Теперь она старалась идти за ним по пятам. Из-под снега доносилось журчание воды, вносившее отрадную нотку в окружавшую путников мертвую тишину.
Он резко остановился, оглядывая окрестности. Она последовала его примеру. Вдали возвышалась гора в окружении занесенных снегом ущелий и холмов.

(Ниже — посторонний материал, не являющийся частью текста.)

(* [normal_prob] and [pushforward] are measures on [measurableTypeR R], hence the
   type of [Y]. *)
Lemma integrable_integral_law (Y : Omega -> measurableTypeR R)
    (nu : {measure set measurableTypeR R -> \bar R}) (g : R -> R) :
  measurable_fun setT Y -> (forall A, measurable A -> P (Y @^-1` A) = nu A) ->
  measurable_fun setT g -> nu.-integrable setT (fun x => (g x)%:E) ->
  P.-integrable setT (fun w => (g (Y w))%:E) /\
  \int[P]_w (g (Y w))%:E = \int[nu]_x (g x)%:E.
Proof.
move=> mY lawY mg ig.
have nuE : forall A, measurable A -> A `<=` setT -> pushforward P Y A = nu A.
  by move=> A mA _; exact: lawY.
have mEg : measurable_fun setT (fun x => (g x)%:E) by exact/measurable_EFinP.
have igY : P.-integrable setT (fun w => (g (Y w))%:E).
  apply/integrableP; split; first by apply/measurable_EFinP; exact: measurableT_comp.
  move/integrableP : ig => [_].
  rewrite -(eq_measure_integral _ nuE) ge0_integral_pushforward //.
  exact: measurableT_comp.
split => //.
by rewrite -(eq_measure_integral _ nuE) integral_pushforward.
Qed.

Lemma same_dist_integrable_integral (Y Z : Omega -> R) (g : R -> R) :
  measurable_fun setT Y -> measurable_fun setT Z -> same_dist Y Z ->
  measurable_fun [set: R] g -> P.-integrable setT (fun w => (g (Z w))%:E) ->
  P.-integrable setT (fun w => (g (Y w))%:E) /\
  \int[P]_w (g (Y w))%:E = \int[P]_w (g (Z w))%:E.
Proof.
move=> mY mZ YZ mg igZ.
have mEg : measurable_fun setT (fun x : R => (g x)%:E) by exact/measurable_EFinP.
pose nu := pushforward P (Z : Omega -> measurableTypeR R).
have ig : nu.-integrable setT (fun x => (g x)%:E) by exact: integrable_pushforward.
have [igY ->] := integrable_integral_law (nu := nu) mY YZ mg ig.
by split => //; rewrite integral_pushforward.
Qed.

Lemma same_dist_addl (k : R) (Y Z : Omega -> R) : same_dist Y Z ->
  same_dist (fun w => k + Y w)%R (fun w => k + Z w)%R.
Proof.
move=> YZ A mA; apply: (YZ ((fun x => k + x)%R @^-1` A)).
by rewrite -[_ @^-1` _]setTI; apply: measurable_funD => //; exact: measurable_id.
Qed.

End law_transfer.

Section square_integrable.
Context {d : measure_display} {Omega : measurableType d} {R : realType}.
Variable P : probability Omega R.
Local Open Scope ereal_scope.
Lemma signed_mean_orbit_avg : signed_mean s (orbit_avg lam act f) t =
  \int[lam]_(g in [set: borel G]) signed_mean s f (act_tuple g t).
Proof.
rewrite [RHS]RintegralZl //; last first.
  rewrite /comp; under eq_fun do rewrite -sumEFin.
  by apply: (integrable_sum measurableT) => i _; exact: integrable_summand.
rewrite Rintegral_sum //; congr (_ * _); apply: eq_bigr => i _.
rewrite RintegralZl //; last first.
  by rewrite /comp; under eq_fun do rewrite tnth_map; exact: f_int.
by congr (_ * _); apply: eq_Rintegral => g _; rewrite tnth_map.
Qed.

Lemma abs_signed_mean_orbit_avg_le :
  (`|signed_mean s (orbit_avg lam act f) t|%:E <=
   \int[lam]_g `|signed_mean s f (act_tuple g t)|%:E)%E.
Proof.
have sf_int := integrable_signed_mean_act.
rewrite signed_mean_orbit_avg -abse_EFin /Rintegral fineK; last first.
  exact: integrable_fin_num.
under [leRHS]eq_integral do rewrite -abse_EFin.
exact: le_abse_integral (measurable_int _ sf_int).
Qed.

End signed_mean_orbit_avg.

Lemma emp_rademacher_orbit_avg_le (H : set (X -> R)) (t : n.-tuple (borel X)) :
  (forall f, H f -> forall x : X,
    lam.-integrable [set: borel G] (fun g : borel G => (f (act g x))%:E)) ->
  measurable_fun [set: n.-tuple (borel X)]
    (fun t : n.-tuple (borel X) => emp_rademacher H t) ->
  (emp_rademacher [set orbit_avg lam act f | f in H] t <=
   \int[lam]_g emp_rademacher H (act_tuple g t))%E.
Proof.
move=> H_int mRH; rewrite emp_rademacherE.
(* Only the whole sum over sign vectors is known to be measurable along the
   orbit, so the suprema are not integrated one by one: we fix one function
   per sign vector instead. *)
apply: sum_ereal_sup_le => [s|c cH]; first by rewrite invr_gt0 exprn_gt0.
have /choice[h Hh] : forall s, exists f : X -> R,
    H f /\ c s = `|signed_mean s (orbit_avg lam act f) t|%:E.
  by move=> s; have [_ [f Hf <-] <-] := cH s; exists f.
pose a s (g : borel G) := `|signed_mean s (h s) (act_tuple g t)|%:E.
have ma s : measurable_fun setT (a s).
  have /measurable_EFinP := measurable_int _
    (integrable_signed_mean_act (h s) s t (H_int _ (Hh s).1)).
  move=> ms; apply/measurable_EFinP.
  exact: measurableT_comp (@normr_measurable R setT) ms.
apply: (@le_trans _ _ (\sum_s (2 ^- n : R)%:E * \int[lam]_g a s g)%E).
  apply: lee_sum => s _; rewrite (Hh s).2.
  apply: lee_wpmul2l; first by rewrite lee_fin.
  exact: abs_signed_mean_orbit_avg_le (h s) s t (H_int _ (Hh s).1).
have a_ge0 s g : (0 <= a s g)%E by rewrite lee_fin.
rewrite (eq_bigr (fun s => \int[lam]_g ((2 ^- n : R)%:E * a s g))%E); last first.
  by move=> s _; rewrite ge0_integralZl ?lee_fin.
rewrite -ge0_integral_sum //; last 2 first.
- by move=> s; exact: measurable_funeM.
- by move=> s g _; apply: mule_ge0; rewrite ?lee_fin.
apply: ge0_le_integral => //.
- by move=> g _; apply: sume_ge0 => s _; apply: mule_ge0; rewrite ?lee_fin.
- by apply: emeasurable_sum => s; exact: measurable_funeM.
- exact: measurableT_comp mRH (measurable_act_tuple_orbit t).
move=> g _; apply: lee_sum => s _; apply: lee_wpmul2l; first by rewrite lee_fin.
by apply: ereal_sup_ubound; exists (h s); first exact: (Hh s).1.
Qed.
(* Let $n\ge2$ and let $X_1,\dots,X_n$ be real-valued random variables, $X_{n:n}=\max_iX_i$, such that $$\lim_{x\to\infty}\frac{\mathbb{P}(X_i>x,X_j>x)}{\mathbb{P}(X_{n:n}>x)}=0\quad\text{for all }1\le i<j\le n.$$ (a) If for every $1\le i\le n$, $X_i\in\mathrm{GMDA}(h_i)$ with $h_i(x)\to\infty$ and $h_i(x)\sim h_1(x)$, then $X_{n:n}\in\mathrm{GMDA}(h_1)$. (b) If $X_i\in\mathcal{L}$ for every $i$ (respectively $X_i\in\mathcal{D}$ for every $i$, respectively $X_i\in\mathcal{R}_{-\alpha}$ for every $i$, for some $\alpha>0$), then $X_{n:n}\in\mathcal{L}$ (respectively $\mathcal{D}$, respectively $\mathcal{R}_{-\alpha}$).
   Context: Real-valued random variables are assumed not concentrated on $(-\infty,0]$. For a distribution function $F$, $\overline{F}=1-F$, $x_F=\sup\{x:F(x)<1\}$. $F\in\mathrm{GMDA}(h)$ means $\lim_{x\to x_F}\overline{F}(x+yh(x))/\overline{F}(x)=e^{-y}$ for all $y\in\mathbb{R}$. $F\in\mathcal{L}$ means $\overline{F}(x)>0$ for all $x\ge0$ and $\overline{F}(x+y)\sim\overline{F}(x)$ for every $y\in\mathbb{R}$. $F\in\mathcal{D}$ means $0<\liminf_{x\to\infty}\overline{F}(xy)/\overline{F}(x)\le\limsup_{x\to\infty}\overline{F}(xy)/\overline{F}(x)<\infty$ for every $y>0$. $F\in\mathcal{R}_{-\alpha}$ means $\overline{F}(x)\sim l(x)x^{-\alpha}$ for a slowly varying $l$ (i.e. $l(xy)\sim l(x)$ for all $y>0$). A random variable belongs to a class if its distribution function does. *)

From HB Require Import structures.
From mathcomp Require Import all_boot all_order all_algebra.
From mathcomp Require Import all_classical all_reals all_analysis.
Set Implicit Arguments. Unset Strict Implicit. Unset Printing Implicit Defensive.
Import Order.TTheory GRing.Theory Num.Theory.
Import numFieldNormedType.Exports.
Local Open Scope classical_set_scope.
Local Open Scope ring_scope.

Section Defs.
Variable R : realType.

Definition tail d (T : measurableType d) (P : probability T R) (X : T -> R) (x : R) : R :=
  fine (P [set w | x < X w]).

Definition jtail d (T : measurableType d) (P : probability T R) (X Y : T -> R) (x : R) : R :=
  fine (P [set w | x < X w /\ x < Y w]).

(* X_{n:n} = max_i X_i  (for n >= 1 this is the true maximum) *)
Definition maxrv d (T : measurableType d) (n : nat) (X : 'I_n -> T -> R) (w : T) : R :=
  fine (\big[maxe/-oo%E]_(i < n) (X i w)%:E).

(* right endpoint x_F = sup {x | F(x) < 1} = sup {x | \bar F(x) > 0} *)
Definition rend (Fb : R -> R) : \bar R :=
  ereal_sup [set x%:E | x in [set x | 0 < Fb x]].

Definition at_rend (Fb : R -> R) : set_system R :=
  match rend Fb with
  | (r%:E)%E => r^'-
  | _ => +oo
  end.

Definition asymp (F : set_system R) (f g : R -> R) : Prop :=
  (fun x => f x / g x) @ F --> (1 : R).

Definition GMDA (Fb : R -> R) (h : R -> R) : Prop :=
  forall y : R, (fun x => Fb (x + y * h x) / Fb x) @ at_rend Fb --> expR (- y).

Definition long_tailed (Fb : R -> R) : Prop :=
  (forall x, 0 <= x -> 0 < Fb x) /\
  forall y : R, asymp +oo (fun x => Fb (x + y)) Fb.

Definition dom_varying (Fb : R -> R) : Prop :=
  forall y : R, 0 < y ->
    let g := fun x => (Fb (x * y) / Fb x)%:E in
    [/\ (0 < limf_einf g (@pinfty_nbhs R))%E, (limf_einf g (@pinfty_nbhs R) <= limf_esup g (@pinfty_nbhs R))%E
      & (limf_esup g (@pinfty_nbhs R) < +oo)%E].

Definition slowly_varying (l : R -> R) : Prop :=
  forall y : R, 0 < y -> asymp +oo (fun x => l (x * y)) l.

Definition reg_varying (alpha : R) (Fb : R -> R) : Prop :=
  exists l : R -> R, slowly_varying l /\
    asymp +oo Fb (fun x => l x * x `^ (- alpha)).

End Defs.

From HB Require Import structures.
From mathcomp Require Import all_boot all_order all_algebra.
From mathcomp Require Import all_classical all_reals all_analysis.
From mathcomp Require Import ring lra.
Import Order.TTheory GRing.Theory Num.Theory.
Import numFieldNormedType.Exports.
Local Open Scope classical_set_scope.
Local Open Scope ring_scope.

(* By the Bonferroni inequalities,
     Fb_i <= Fb_max <= S <= Fb_max + sum_(i<j) P(X_i > x, X_j > x),  with S := sum_i Fb_i,
   so the asymptotic independence hypothesis makes the tail Fb_max of the maximum asymptotically
   equivalent to S. The classes L, GMDA and R_(-alpha) are all described by limits of ratios
   Fb (phi x) / Fb x with phi x -> +oo; such a limit passes from the summands to S by the mediant
   inequality, and from S to the equivalent Fb_max. For GMDA the auxiliary functions h_i are first
   replaced by the common h_1, using the monotonicity of the tails and the continuity of
   y |-> e^-y. Class D only needs the two-sided bound Fb_i <= Fb_max <= S. *)

Section RatioLimits.
Context {R : realType}.

Lemma cvg_sum0 {U} {F : set_system U} {FF : Filter F} {m} (f : nat -> U -> R) :
  (forall i, (i < m)%N -> f i @ F --> 0) -> (fun x => \sum_(i < m) f i x) @ F --> 0.
Proof.
elim: m => [|m IH] f0; first by under eq_fun do rewrite big_ord0; exact: cvg_cst.
under eq_fun do rewrite big_ord_recr /=.
have := cvgD (IH (fun i im => f0 i (ltnW im))) (f0 m (ltnSn m)).
by rewrite addr0; exact.
Qed.

Lemma asymp_neq0 {F : set_system R} {FF : Filter F} {f g : R -> R} :
  asymp F f g -> \forall x \near F, f x != 0 /\ g x != 0.
Proof.
move=> /cvgrPdist_lt /(_ _ ltr01); apply: filterS => x.
by case: eqP => [->|_]; case: eqP => [->|//]; rewrite ?mul0r ?invr0 ?mulr0 subr0 normr1 ltxx.
Qed.

Lemma ratio_cvg1_sandwich (F S J : R -> R) :
  (forall x, F x <= S x) -> (forall x, S x <= F x + J x) ->
  (\forall x \near +oo, 0 < F x) -> (fun x => J x / F x) @ +oo --> (0 : R) ->
  (fun x => S x / F x) @ +oo --> (1 : R).
Proof.
move=> FS SFJ Fpos /cvgrPdist_le JF; apply/cvgrPdist_le => e e0.
near=> x.
have Fx : 0 < F x by near: x.
have Jx : `|0 - J x / F x| <= e by near: x; exact: JF.
have lb : 1 <= S x / F x by rewrite ler_pdivlMr // mul1r.
have ub : S x / F x <= 1 + J x / F x by rewrite ler_pdivrMr // mulrDl mul1r divfK ?gt_eqF.
rewrite sub0r normrN in Jx; rewrite ler_norml; have := ler_norm (J x / F x); lra.
Unshelve. all: by end_near.
Qed.

Lemma mediant_cvg (I : finType) (i0 : I) (a b : I -> R -> R) (c : R) :
  (forall i, \forall x \near +oo, 0 < b i x) ->
  (forall i, (fun x => a i x / b i x) @ +oo --> c) ->
  (fun x => (\sum_i a i x) / (\sum_i b i x)) @ +oo --> c.
Proof.
move=> bpos abc; apply/cvgrPdist_le => e e0.
have bpos_all := filter_forall _ bpos.
have abc_e : forall i, \forall x \near +oo, `|c - a i x / b i x| <= e.
  by move=> i; move/cvgrPdist_le : (abc i); exact.
have abc_all := filter_forall _ abc_e.
near=> x.
have bx : forall i, 0 < b i x by near: x; apply: bpos_all.
have ex : forall i, `|c - a i x / b i x| <= e by near: x; apply: abc_all.
have Sb : 0 < \sum_i b i x.
  by rewrite (bigD1 i0) //= ltr_pwDl ?bx // sumr_ge0 // => i _; exact: ltW.
have -> : c - (\sum_i a i x) / (\sum_i b i x)
    = (\sum_i (c - a i x / b i x) * b i x) / (\sum_i b i x).
  rewrite [X in _ = X / _](eq_bigr (fun i => c * b i x - a i x)); last first.
    by move=> i _; rewrite mulrBl divfK ?gt_eqF ?bx.
  by rewrite sumrB -mulr_sumr mulrBl mulfK ?gt_eqF.
rewrite normrM normfV (gtr0_norm Sb) ler_pdivrMr // mulr_sumr.
apply: le_trans (ler_norm_sum _ _ _) (ler_sum _ _) => i _.
by rewrite normrM (gtr0_norm (bx i)) ler_pM2r ?bx.
Unshelve. all: by end_near.
Qed.

Lemma equiv_ratio_cvg (F S phi : R -> R) (c : R) :
  (forall x, F x <= S x) -> (\forall x \near +oo, 0 < F x) ->
  (fun x => S x / F x) @ +oo --> (1 : R) -> phi @ +oo --> +oo ->
  (fun x => S (phi x) / S x) @ +oo --> c ->
  (fun x => F (phi x) / F x) @ +oo --> c.
Proof.
move=> FS Fpos SF phiy Sc.
have SFphi : (fun x => S (phi x) / F (phi x)) @ +oo --> (1 : R) by move=> A /SF /phiy.
have Fphi_pos : \forall x \near +oo, 0 < F (phi x) := phiy _ Fpos.
have Sc_SF : (fun x => S (phi x) / S x * (S x / F x * (S (phi x) / F (phi x))^-1)) @ +oo --> c.
  have := cvgM Sc (cvgM SF (cvgV (oner_neq0 R) SFphi)).
  by rewrite invr1 !mulr1; apply.
apply: cvg_trans Sc_SF; apply: near_eq_cvg; near=> x.
have F1 : 0 < F x by near: x.
have F2 : 0 < F (phi x) by near: x.
have S1 : 0 < S x by exact: lt_le_trans F1 (FS x).
have S2 : 0 < S (phi x) by exact: lt_le_trans F2 (FS _).
by rewrite /=; field; rewrite !gt_eqF.
Unshelve. all: by end_near.
Qed.

End RatioLimits.

Section RightEndpoint.
Context {R : realType}.
Implicit Types F h : R -> R.

Lemma le_rend {F x} : 0 < F x -> (x%:E <= rend F)%E.
Proof. by move=> Fx; apply: ereal_sup_ubound; exists x. Qed.

Lemma at_rend_pinfty {F} : (forall x, 0 < F x) -> at_rend F = +oo.
Proof.
move=> Fpos; rewrite /at_rend; suff -> : rend F = +oo%E by [].
apply/eqP; rewrite eq_le leey /= -ereal_sup_real.
by apply: ereal_sup_le => _ [x _ <-]; exists x => //; exact: Fpos.
Qed.

(* If [F] vanished beyond a finite right endpoint [r], then [F (x + h x) / F x]
   would eventually be [0] as [x -> r^-], contradicting the limit [expR (-1)]. *)
Lemma GMDA_gt0 {F h} : (forall x y, x <= y -> F y <= F x) ->
  (forall x, 0 <= F x) -> 0 < F 0 -> GMDA F h -> h @ at_rend F --> +oo ->
  forall x, 0 < F x.
Proof.
move=> Fnincr F0 F0pos FGMDA hy z; rewrite lt_neqAle F0 andbT eq_sym.
apply/negP => /eqP Fz.
have rend_le : (rend F <= z%:E)%E.
  apply: ge_ereal_sup => _ [x /= Fx <-]; rewrite lee_fin leNgt; apply/negP => zx.
  by move: (Fnincr z x (ltW zx)); rewrite Fz; lra.
have rend_fin : rend F \is a fin_num.
  by rewrite ge0_fin_numE ?(le_lt_trans rend_le) ?ltry ?le_rend.
set r := fine (rend F).
have rendE : rend F = r%:E by rewrite /r fineK.
have F_gtr : forall t, r < t -> F t = 0.
  move=> t rt; apply/eqP; rewrite eq_le F0 andbT leNgt; apply/negP => Ft.
  by have := le_rend Ft; rewrite rendE lee_fin; lra.
move: (FGMDA 1) hy; rewrite /at_rend rendE => F1 hy.
have F1_0 : (fun x => F (x + 1 * h x) / F x) @ r^'- --> (0 : R).
  suff F1_eq0 : {near r^'-, (fun _ => 0 : R) =1 (fun x => F (x + 1 * h x) / F x)}.
    exact: cvg_trans (near_eq_cvg F1_eq0) (cvg_cst _).
  near=> x.
  have xr : r - 1 < x by near: x; apply: nbhs_left_gt; lra.
  have hx : 1 < h x by near: x; exact: (hy _ (nbhs_pinfty_gt (num_real (1:R)))).
  by rewrite F_gtr ?mul0r //; lra.
have expR_eq0 : expR (- (1:R)) = 0 by exact: cvg_unique _ F1 F1_0.
by have := expR_gt0 (- (1:R)); rewrite expR_eq0 ltxx.
Unshelve. all: by end_near.
Qed.
Theorem lemma3p1 (d0 : measure_display) (X : measurableType d0) (R : realType)
  (C : finType) (rho : C -> R) (D : C -> probability X R) (d : nat)
  (f : X -> 'rV[R]_d) :
  (forall c, (0 < rho c)%R) ->
  (\sum_(c : C) rho c)%R = 1%R ->
  (forall i : 'I_d, measurable_fun setT (fun x => f x 0%R i)) ->
  (forall (c : C) (i : 'I_d), (D c).-integrable setT (fun x => (f x 0%R i)%:E)) ->
  L_sup rho D f <= L_sup_mu rho D f /\
  L_sup_mu rho D f <= (pmin rho)^-1%:E * L_un rho D f + (ln (#|C|%:R))%:E.
Proof.
move=> rho_gt0 rho1 measurable_f integrable_f; split.
  by apply: ereal_inf_lbound; exists (mu D f).
exact: L_sup_mu_le.
Qed.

Она вдруг заметила, что журчания горной речки больше не слышно. Воцарилось полное безмолвие.
– Прямо скажем, вам повезло, – заметил дежурный полицейский, когда Хюльда объяснила ему суть дела. Он был худощав и подтянут, звали его Оуливер. – Крупно повезло. Эта сирийка все еще здесь. Мы собирались отправить ее домой сегодня утром, но ее адвокат рвет и мечет. Вы же знаете, как это бывает.
– Ее адвокат, случайно, не Алберт Албертссон? – спросила Хюльда.
– Алберт? Не знаю такого. Нет, ее делом занимается женщина.
– Как ее имя?
– Я не запоминаю имен адвокатов.
– Я имею в виду иностранку.
– Хм… – Оуливер наморщил брови. – Подождите-ка… По-моему, Амена. Да, Амена.
– А почему ее депортируют?
– Ну, я, вообще-то, не знаю, чье это решение. Мое дело посадить ее в самолет.
– Я могу с ней встретиться сейчас?
Оуливер пожал плечами:
– Думаю, да. Не знаю, захочет ли она разговаривать с вами. Ничего не обещаю. Вы же понимаете, что исландская полиция у нее теперь не в почете. А зачем она вам нужна?
Он был лет на тридцать моложе Хюльды, но ни в его интонации, ни в манерах не чувствовалось особого уважения к ее возрасту. И такое случалось сплошь и рядом – молодое поколение правило бал, и Хюльда со всем своим опытом чувствовала себя выброшенной на задворки истории.